Comments from the floor were limited. Trainer Bob DeSensi, who made a presentation on behalf of the Kentucky HBPA, said the KHRA would be better served focusing on testing for "exotic" drugs and taking a stand against substances such as anabolic steroids. He said the health and welfare of the horse should be the only consideration.

"To change for change's sake will do more to harm the industry that a shot of Bute on race day will ever do," DeSensi said.

The Kentucky HBPA has taken the position that therapeutic medications should be used until scientific evidence suggests otherwise. That position is directly at odds with that of the national consortium, which believes medications shouldn't be used until scientific research says otherwise.

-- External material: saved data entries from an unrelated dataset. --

(* Let $\Gamma$ be a graph. Then $\Gamma$ is strongly shortcut as a graph if and only if $\Gamma$ does not approximate $n$-gons.
   Context: Graphs are geodesic metric spaces with each edge isometric to the unit interval. The cycle graph $S_n$ is the graph isometric to a Riemannian circle of length $n$; a cycle in $\Gamma$ is a combinatorial map $\alpha\colon S_n\to\Gamma$; for $K>1$ it is $\frac1K$-almost isometric if $d(\alpha(p),\alpha(\bar p))\ge\frac1K\cdot\frac n2$ for all antipodal $p,\bar p\in S_n$. $\Gamma$ is strongly shortcut as a graph if for some $K>1$ there is a bound on the lengths of its $\frac1K$-almost isometric cycles. $S_n^0$ is the vertex set of $S_n$ with the induced metric and $\lambda S_n^0$ is it with the metric scaled by $\lambda>0$. A metric space $X$ approximates $n$-gons if for every $K>1$ and every $n\in\mathbb N$ there exist $K$-bilipschitz embeddings $\lambda S_n^0\to X$ for arbitrarily large $\lambda>0$. *)

From Stdlib Require Import Reals Lra ClassicalEpsilon.
Open Scope R_scope.

Record graph := {
  gV : Type;
  gE : Type;
  gsrc : gE -> gV;
  gtgt : gE -> gV }.

Inductive walk (G : graph) : gV G -> gV G -> nat -> Prop :=
| walk0 v : walk G v v 0
| walk_fw e v n : walk G (gtgt G e) v n -> walk G (gsrc G e) v (S n)
| walk_bw e v n : walk G (gsrc G e) v n -> walk G (gtgt G e) v (S n).

Definition connected_graph (G : graph) : Prop :=
  forall u v : gV G, exists n, walk G u v n.

Definition is_vdist (G : graph) (u v : gV G) (n : nat) : Prop :=
  walk G u v n /\ forall m, walk G u v m -> (n <= m)%nat.

(* combinatorial distance between vertices (meaningful for connected G) *)
Definition vdist (G : graph) (u v : gV G) : R :=
  INR (epsilon (inhabits 0%nat) (is_vdist G u v)).

(* points of the geometric realization: a vertex, or the point of edge e at
   distance t from (gsrc e), 0 <= t <= 1 *)
Inductive gpoint (G : graph) : Type :=
| Vtx (v : gV G)
| Ept (e : gE G) (t : R).
Arguments Vtx {G} v.
Arguments Ept {G} e t.

Definition valid_point {G : graph} (p : gpoint G) : Prop :=
  match p with Vtx _ => True | Ept _ t => 0 <= t <= 1 end.

(* length of the shortest route leaving through endpoints *)
Definition via_ends {G : graph} (x y : gpoint G) : R :=
  let d := vdist G in
  let s_ := gsrc G in let t_ := gtgt G in
  match x, y with
  | Vtx u, Vtx v => d u v
  | Vtx u, Ept e t => Rmin (d u (s_ e) + t) (d u (t_ e) + (1 - t))
  | Ept e s, Vtx v => Rmin (s + d (s_ e) v) ((1 - s) + d (t_ e) v)
  | Ept e s, Ept e' t =>
      Rmin (Rmin (s + d (s_ e) (s_ e') + t) (s + d (s_ e) (t_ e') + (1 - t)))
           (Rmin ((1 - s) + d (t_ e) (s_ e') + t)
                 ((1 - s) + d (t_ e) (t_ e') + (1 - t)))
  end.

(* the path metric of the geometric realization (edges of length 1) *)
Definition gdist {G : graph} (x y : gpoint G) : R :=
  match x, y with
  | Ept e s, Ept e' t =>
      if excluded_middle_informative (e = e')
      then Rmin (Rabs (s - t)) (via_ends x y) else via_ends x y
  | _, _ => via_ends x y
  end.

The consortium, in an apparent compromise, hasn't blackballed adjunct bleeder medications for race-day use even though research into their efficacy continues. One of three adjunct bleeder medications will be permitted on race day through at least 2006.

Dr. John Piehowicz, a racetrack veterinarian who practices at Turfway Park, advocated continued use of therapeutic medications for the health of the racehorse. He said he has administered about 20,000 shots of Banamine, which is an NSAID, over 10 years and has had only 16 breakdowns that led to euthanasia.

"Whose policy is really based on scientific evidence for the best interests of the horse?" Piehowicz asked the racing authority.

Trainer John Ward, a member of the drug council and the national consortium, urged the KHRA to adopt the model policy to create uniformity for trainers and the betting public.

"Our industry needs to become unified and increase integrity," Ward said.

Kentucky HBPA president Susan Bunning said she was disappointed the KHRA took action without first pursuing research on use of race-day therapeutic medications. She also said she was pleased with the large turnout of trainers and vets who support the current policy.

"I don't think that was recognized by the authority," Bunning said.

The KHRA also approved rules for "milkshake," or TCO2 testing. Like the model medication policy, the milkshake rules will go through the legislative approval process, but Keeneland already has indicated interest in starting some milkshake testing this spring.